The Problem facing Suppliers
Given the emergent dynamics described above, the problem with unbounded patent indemnification liability becomes clear. Patent holders typically seek damages from an infringer based upon the total revenues and profits accrued to the infringer based on its patent infringement activity. When an NPE sues multiple operating companies who may have licensed technology or purchased components from one Supplier, the NPE seeks damages and royalties based upon the collective revenue of those multiple customers of the Supplier, not based upon the revenues or profits of the Supplier.
The total financial exposure is therefore significantly magnified relative to the revenue of the Supplier. The channel might have total revenues 20x, 50x, 100x the revenues of the Supplier. Accordingly, if the Supplier is indemnifying each channel partner for its full liability, the total exposure to the Supplier can be 20x, 50x, 100x the liability that would accrue to the Supplier based on the size of its business.
At a patent royalty rate of even 0.5%, a 50x multiplier results in a royalty rate to the Supplier of 25% of its revenues. This is a cost that no company can bear. That fact is immaterial to the NPE business. What the Supplier can’t pay, the channel legally must. In the absence of concessions from the channel, the Supplier very well could go out of business.
The above scenario of dire risk facing Suppliers is not fiction. It is happening right now for at least one unlucky Supplier that we know of. History says that this dynamic will only spread. How far? As far as the money will go.
In short, Suppliers are sitting on a time bomb. That time bomb is found in the patent indemnification clauses of their channel agreements. Prudence in defusing these bombs is required.
Recommendation
Because of the risks explained above, we recommend that every young Supplier review and, as appropriate, seek to modify the patent indemnity clauses in its existing agreements.

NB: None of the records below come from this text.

Lemma blown_basic_decomp : basic_decomp A psi.
Proof.
split=> [a | a | lam |]; [exact: psi_algid | exact: psiM | exact: psi_surj |].
apply: is_rad_characters psiM _; rewrite blown_rad.
by apply: nilpotent_peirce_sub; case: is_rad_radB.
Qed.

Lemma is_rad_blown R : is_rad B' R -> is_rad A R.
Proof.
move/is_rad_uniq/(_ is_rad_peirce_sub_radB)->; rewrite -blown_rad.
by case: blown_basic_decomp.
Qed.

Definition blown_rho (x : L') : 'M[K]_2 :=
  \matrix_(r < 2, c < 2) (chi i (E x (ii i r) (ii i c)) : K).

Section Column.
Variable s : 'I_2.

Definition blown_col (x : L') : 'cV[K]_2 := \col_r (chi i (E x (ii i r) (ii i s)) : K).

Lemma blown_col_linear : linear blown_col.
Proof. by move=> k x y; apply/matrixP => r c; rewrite !mxE chi_entry_linear. Qed.

Lemma blown_col_mul b x : b \in B' -> x \in B' ->
  blown_col (b * x) = blown_rho b *m blown_col x.
Proof.
move=> Bb Bx; apply/matrixP => r c; rewrite !mxE entry_phiM // linear_sum /=.
rewrite (@sum_dbl_i _ i) => [|q neq_qi]; last first.
  by rewrite chiM chi_entry_off ?mul0r // dbl_ii eq_sym.
by apply: eq_bigr => q _; rewrite chiM !mxE.
Qed.

Lemma blown_tensor : quot_module_iso B' (bal_tensor_ker B' A (psi (ii i s))) blown_rho.
Proof.
have colE := linfunE blown_col_linear.
have chi_scal (k : K) : chi i (e i * (k *: 1) * e i) = k.
  by rewrite chi_corner linearZ /= chi1; apply: mulr1.
apply: (quot_module_isoP subv_A_B' (f := linfun blown_col)) => [v | b x Bb Bx | a Aa | x Bx].
- pose M c d : B := if d == ii i s then (if c == ii i 0 then v 0 0 else v 1 0) *: 1 else 0.
  have [x Bx phi_x] := phi_surj (peirce_end_endB M).
  exists x => //; rewrite colE; apply/matrixP => r c.
  rewrite !mxE phi_x entry_peirce_end /M eqxx !dbl_ii chi_scal ord1 ii_eq.
  by case: (ord2P r) => ->.
- by rewrite !colE blown_col_mul.
- apply/matrixP => r c; rewrite !colE !mxE algid_A phi_algid entry_projP ii_eq dbl_ii psiE.
  have [->|neq_rs] := eqVneq r s; first by rewrite dbl_ii che eqxx mulr1.
  rewrite linear0 mulr0 -{1}(dbl_ii i r) chi_entry_A ?dbl_ii ?ii_eq //.
- rewrite colE => /matrixP col0.
  have {}col0 r : chi i (E x (ii i r) (ii i s)) = 0 by have := col0 r 0; rewrite !mxE.
  have [eps Beps phi_eps] := phi_surj (unit_end_endB (ii i s) (ii i s)).
  have Exeps p q : E (x * eps) p q = if q == ii i s then E x p (ii i s) else 0.
    by rewrite phiM // phi_eps entry_comp_unit_end //; apply: phi_endB.
  have Aeps : eps \in A.
    rewrite defA Beps phi_eps -(ii0 i) -(ii1 i) !entry_unit_end !ii_eq.
    by case: (ord2P s) => ->; rewrite ?andbF ?linear0 eqxx.
  have psi_eps : psi (ii i s) eps = 1.
    by rewrite psiE phi_eps entry_unit_end !eqxx dbl_ii e_idem che eqxx.
  have Axeps : x * eps \in A.
    rewrite defA memvM // -(ii0 i) -(ii1 i) !Exeps !ii_eq.
    by case: (ord2P s) col0 => -> col0; rewrite !eqxx /= ?col0 ?linear0 ?eqxx.
  have psi_xeps : psi (ii i s) (x * eps) = 0 by rewrite psiE Exeps eqxx dbl_ii col0.
  have -> : x = x * eps - x * (eps - (psi (ii i s) eps : K) *: algid A).
    by rewrite psi_eps scale1r algid_A mulrBr (algidr Bx) opprB addrC subrK.
  apply: memvB; first by apply: (bal_tensor_ker_psi0 subv_A_B' Axeps).
  by have := bal_tensor_ker_mul (psi (ii i s)) Bx Aeps.
Qed.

The revised clauses could take any of the following forms (from most favorable to less favorable, within the perspective of the Supplier):
- Exclude indemnity for any suit brought by a non-practicing entity.
- Limit the amount of indemnity for patent claims to what would be a reasonable royalty on the amounts paid by the licensee or channel partner to the Supplier.

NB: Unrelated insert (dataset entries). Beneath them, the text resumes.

(* Let $m,\delta,\gamma>0$ and let $\Gamma(x,y,z,u):=\frac{\Psi(x,z,u,\delta,\gamma)}{\langle Kx,y\rangle-f^*(y)}$ be defined on $\{(x,y)\in\mathbb{R}^n\times\operatorname{dom}f^*:\langle Kx,y\rangle-f^*(y)>m/2\}\times\operatorname{dom}g^*\times\mathbb{R}^n$. Suppose that $f^*$ is calm at $\hat y\in\operatorname{dom}f^*$, that $\hat x\in\mathcal{S}$ satisfies $\langle K\hat x,\hat y\rangle-f^*(\hat y)>m/2$, that $g^*$ is differentiable at $\hat z\in\operatorname{int}(\operatorname{dom}g^* )$, and let $\hat u\in\mathbb{R}^n$. Put $\alpha_1:=\Psi(\hat x,\hat z,\hat u,\delta,\gamma)$, $\alpha_2:=\langle K\hat x,\hat y\rangle-f^*(\hat y)$, and suppose $\alpha_1>0$. Then there exist open sets $\mathcal{O}_1\subseteq\mathbb{R}^n$, $\mathcal{O}_2\subseteq\operatorname{dom}f^*$, $\mathcal{O}_3\subseteq\operatorname{dom}g^*$ with $\hat x\in\mathcal{O}_1$, $\hat y\in\mathcal{O}_2$, $\hat z\in\mathcal{O}_3$, such that $\langle Kx,y\rangle-f^*(y)>m/2$ for all $(x,y)\in\mathcal{O}_1\times\mathcal{O}_2$, and the Fréchet subdifferential $\hat\partial\Gamma(\hat x,\hat y,\hat z,\hat u)$ equals the set of all $(\xi_x,\xi_y,\xi_z,\xi_u)$ with $\xi_x\in\frac{\alpha_2\left(A^*\hat z+\nabla h(\hat x)+\partial\iota_{\mathcal{S}}(\hat x)+\delta(\hat x-\hat u)\right)-\alpha_1K^*\hat y}{(\langle K\hat x,\hat y\rangle-f^*(\hat y))^2}$, $\xi_y\in\frac{\alpha_1(\partial f^*(\hat y)-K\hat x)}{(\langle K\hat x,\hat y\rangle-f^*(\hat y))^2}$, $\xi_z=\frac{A\hat x-\nabla g^*(\hat z)-\gamma\hat z}{\langle K\hat x,\hat y\rangle-f^*(\hat y)}$, $\xi_u=\frac{\delta(\hat u-\hat x)}{\langle K\hat x,\hat y\rangle-f^*(\hat y)}$.
   Context: $\mathcal{S}\subseteq\mathbb{R}^n$ nonempty, convex, compact; $A:\mathbb{R}^n\to\mathbb{R}^s$, $K:\mathbb{R}^n\to\mathbb{R}^p$ linear with adjoints $A^*,K^*$; $g:\mathbb{R}^s\to\mathbb{R}\cup\{+\infty\}$ proper, convex, lsc; $h:\mathbb{R}^n\to\mathbb{R}$ differentiable on an open set containing $\mathcal{S}$ with Lipschitz gradient there; $f:\mathbb{R}^p\to\mathbb{R}\cup\{+\infty\}$ proper, convex, lsc with $K(\mathcal{S})\subseteq\operatorname{int}(\operatorname{dom}f)$ and $f(Kx)>0$ on $\mathcal{S}$; $\mathcal{S}\cap A^{-1}(\operatorname{dom}g)\ne\emptyset$ and $\inf_{x\in\mathcal{S}}\{g(Ax)+h(x)\}>0$. $f^*,g^*$ are Fenchel conjugates, $\iota_{\mathcal{S}}$ the indicator of $\mathcal{S}$, $\partial$ the convex subdifferential, $\Psi(x,z,u,\delta,\gamma):=\langle z,Ax\rangle-g^*(z)+h(x)+\iota_{\mathcal{S}}(x)+\frac{\delta}{2}\|x-u\|^2-\frac{\gamma}{2}\|z\|^2$. A function $\varphi$ is calm at $\hat y\in\operatorname{dom}\varphi$ if there are $\epsilon,\kappa>0$ with $|\varphi(y)-\varphi(\hat y)|\le\kappa\|y-\hat y\|$ for all $y$ with $\|y-\hat y\|<\epsilon$. The Fréchet subdifferential is $\hat\partial\varphi(\bar w)=\{v:\liminf_{w\to\bar w,w\ne\bar w}\frac{\varphi(w)-\varphi(\bar w)-\langle v,w-\bar w\rangle}{\|w-\bar w\|}\ge0\}$. *)

(* R^k is modelled as column vectors 'cV[R]_k,
   linear maps as matrices, extended-real valued functions take values in \bar R. *)
From mathcomp Require Import all_boot all_order all_algebra.
From mathcomp Require Import all_classical all_reals all_analysis.
Import Order.TTheory GRing.Theory Num.Theory.
Import numFieldNormedType.Exports.
Set Implicit Arguments. Unset Strict Implicit. Unset Printing Implicit Defensive.
Local Open Scope ring_scope.
Local Open Scope classical_set_scope.

Section Defs.
Variable R : realType.
Notation vec k := 'cV[R]_k.

Definition dotv {k} (u v : vec k) : R := \sum_(i < k) u i 0 * v i 0.
Definition enorm {k} (u : vec k) : R := Num.sqrt (dotv u u).

Definition edom {k} (phi : vec k -> \bar R) : set (vec k) := [set x | (phi x < +oo)%E].

Definition eproper {k} (phi : vec k -> \bar R) : Prop :=
  (forall x, phi x != -oo%E) /\ exists x, phi x \is a fin_num.

Definition cvx_set {k} (S : set (vec k)) : Prop :=
  forall x y (t : R), S x -> S y -> 0 <= t <= 1 -> S (t *: x + (1 - t) *: y).

Definition convex_efun {k} (phi : vec k -> \bar R) : Prop :=
  forall x y (t : R), (phi x < +oo)%E -> (phi y < +oo)%E -> 0 <= t <= 1 ->
    (phi (t *: x + (1 - t) *: y)%R <= t%:E * phi x + (1 - t)%:E * phi y)%E.

Definition elsc {k} (phi : vec k -> \bar R) : Prop :=
  forall x (a : R), (a%:E < phi x)%E ->
    exists2 eps : R, 0 < eps & forall y, enorm (y - x) < eps -> (a%:E < phi y)%E.

Definition fconj {k} (phi : vec k -> \bar R) (y : vec k) : \bar R :=
  ereal_sup [set ((dotv x y)%:E - phi x)%E | x in [set: vec k]].

Definition ind_fun {k} (S : set (vec k)) (x : vec k) : \bar R :=
  if `[< S x >] then 0%E else +oo%E.

Definition subdiff {k} (phi : vec k -> \bar R) (x : vec k) : set (vec k) :=
  [set v | phi x \is a fin_num /\
           forall y, (phi x + (dotv v (y - x))%:E <= phi y)%E].

Definition is_grad {k} (phi : vec k -> \bar R) (x v : vec k) : Prop :=
  phi x \is a fin_num /\
  forall eps : R, 0 < eps -> exists2 eta : R, 0 < eta &
    forall y, enorm (y - x) < eta ->
      (`| phi y - phi x - (dotv v (y - x))%:E | <= (eps * enorm (y - x))%:E)%E.

Definition calm {k} (phi : vec k -> \bar R) (y0 : vec k) : Prop :=
  phi y0 \is a fin_num /\
  exists eps kappa : R, [/\ 0 < eps, 0 < kappa &
    forall y, enorm (y - y0) < eps ->
      (`| phi y - phi y0 | <= (kappa * enorm (y - y0))%:E)%E].

(* Frechet subdifferential of a function of four vector arguments, on the
   Euclidean product space R^a x R^b x R^c x R^d; the liminf >= 0 condition
   is unfolded as: for all eps > 0, eventually the quotient is >= -eps. *)
Definition frechet4 {a b c d}
    (G : vec a -> vec b -> vec c -> vec d -> \bar R)
    (x : vec a) (y : vec b) (z : vec c) (u : vec d)
  : set (vec a * vec b * vec c * vec d) :=
  [set xi | G x y z u \is a fin_num /\
    forall eps : R, 0 < eps -> exists2 eta : R, 0 < eta &
      forall x' y' z' u',
        let dist := Num.sqrt (enorm (x' - x) ^+ 2 + enorm (y' - y) ^+ 2 +
                              enorm (z' - z) ^+ 2 + enorm (u' - u) ^+ 2) in
        dist < eta ->
        ((- (eps * dist))%:E <=
           G x' y' z' u' - G x y z u
           - (dotv xi.1.1.1 (x' - x) + dotv xi.1.1.2 (y' - y)
              + dotv xi.1.2 (z' - z) + dotv xi.2 (u' - u))%:E)%E].

Definition Psi {n s} (A : 'M[R]_(s, n)) (g : vec s -> \bar R) (h : vec n -> R)
    (S : set (vec n)) (delta gamma : R) (x : vec n) (z : vec s) (u : vec n) : \bar R :=
  ((dotv z (A *m x))%:E - fconj g z + (h x)%:E + ind_fun S x
   + (delta / 2 * enorm (x - u) ^+ 2)%:E - (gamma / 2 * enorm z ^+ 2)%:E)%E.

Definition denom {n p} (K : 'M[R]_(p, n)) (f : vec p -> \bar R) (x : vec n) (y : vec p)
  : \bar R := ((dotv (K *m x) y)%:E - fconj f y)%E.

(* Gamma, extended by +oo outside its domain
   {(x,y) in R^n x dom f^* : <Kx,y> - f^*(y) > m/2} x dom g^* x R^n *)
Definition Gamma {n p s} (A : 'M[R]_(s, n)) (K : 'M[R]_(p, n))
    (f : vec p -> \bar R) (g : vec s -> \bar R) (h : vec n -> R) (S : set (vec n))
    (m delta gamma : R) (x : vec n) (y : vec p) (z : vec s) (u : vec n) : \bar R :=
  if `[< [/\ (fconj f y < +oo)%E, ((m / 2)%:E < denom K f x y)%E
           & (fconj g z < +oo)%E] >]
  then (Psi A g h S delta gamma x z u * ((fine (denom K f x y))^-1)%:E)%E
  else +oo%E.

End Defs.

From mathcomp Require Import all_boot all_order all_algebra.
From mathcomp Require Import all_classical all_reals all_analysis.
From mathcomp Require Import ring lra.
Import Order.TTheory GRing.Theory Num.Theory.
Import numFieldNormedType.Exports.
Set Implicit Arguments. Unset Strict Implicit. Unset Printing Implicit Defensive.
Local Open Scope ring_scope.
Local Open Scope classical_set_scope.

- Limit the amount of indemnity for patent claims to the total amounts paid by the licensee or channel partner to the Supplier.
Practical Considerations
We realize it will be very difficult to obtain any changes to indemnification provisions with very large customers and channel partners. Any single Supplier typically has little negotiating leverage against a big player. However, change can be brought about as more Suppliers seek such changes and as more Suppliers educate large customers on the rationale for the change.
The basic argument by Suppliers for this modification is that the patent world has changed and the proposed contract modifications are necessary as a result of this change.
Larger companies today are more focused than ever before on managing their financial exposure to patent risk. At the same time, however, we believe that they will become more sympathetic to the argument by a young Supplier that patent infringement risk has become a basic tax on operating a business, what we refer to as the Patent Tax, and is largely out of the control of the Supplier. At this point in time, parties need to accept that they will almost certainly be sued, and arguably that risk is largely independent of any “fault” on the part of one party or the other.
Accordingly, Suppliers and their customers need to determine how to allocate between them the cost of addressing that risk, on the basis of the relative benefits received by the two parties from the underlying product, rather than simply saying the risk lies fully with the Supplier. The benefit received by any Supplier is defined by the revenues received by the Supplier, not the revenues realized by its channel partners.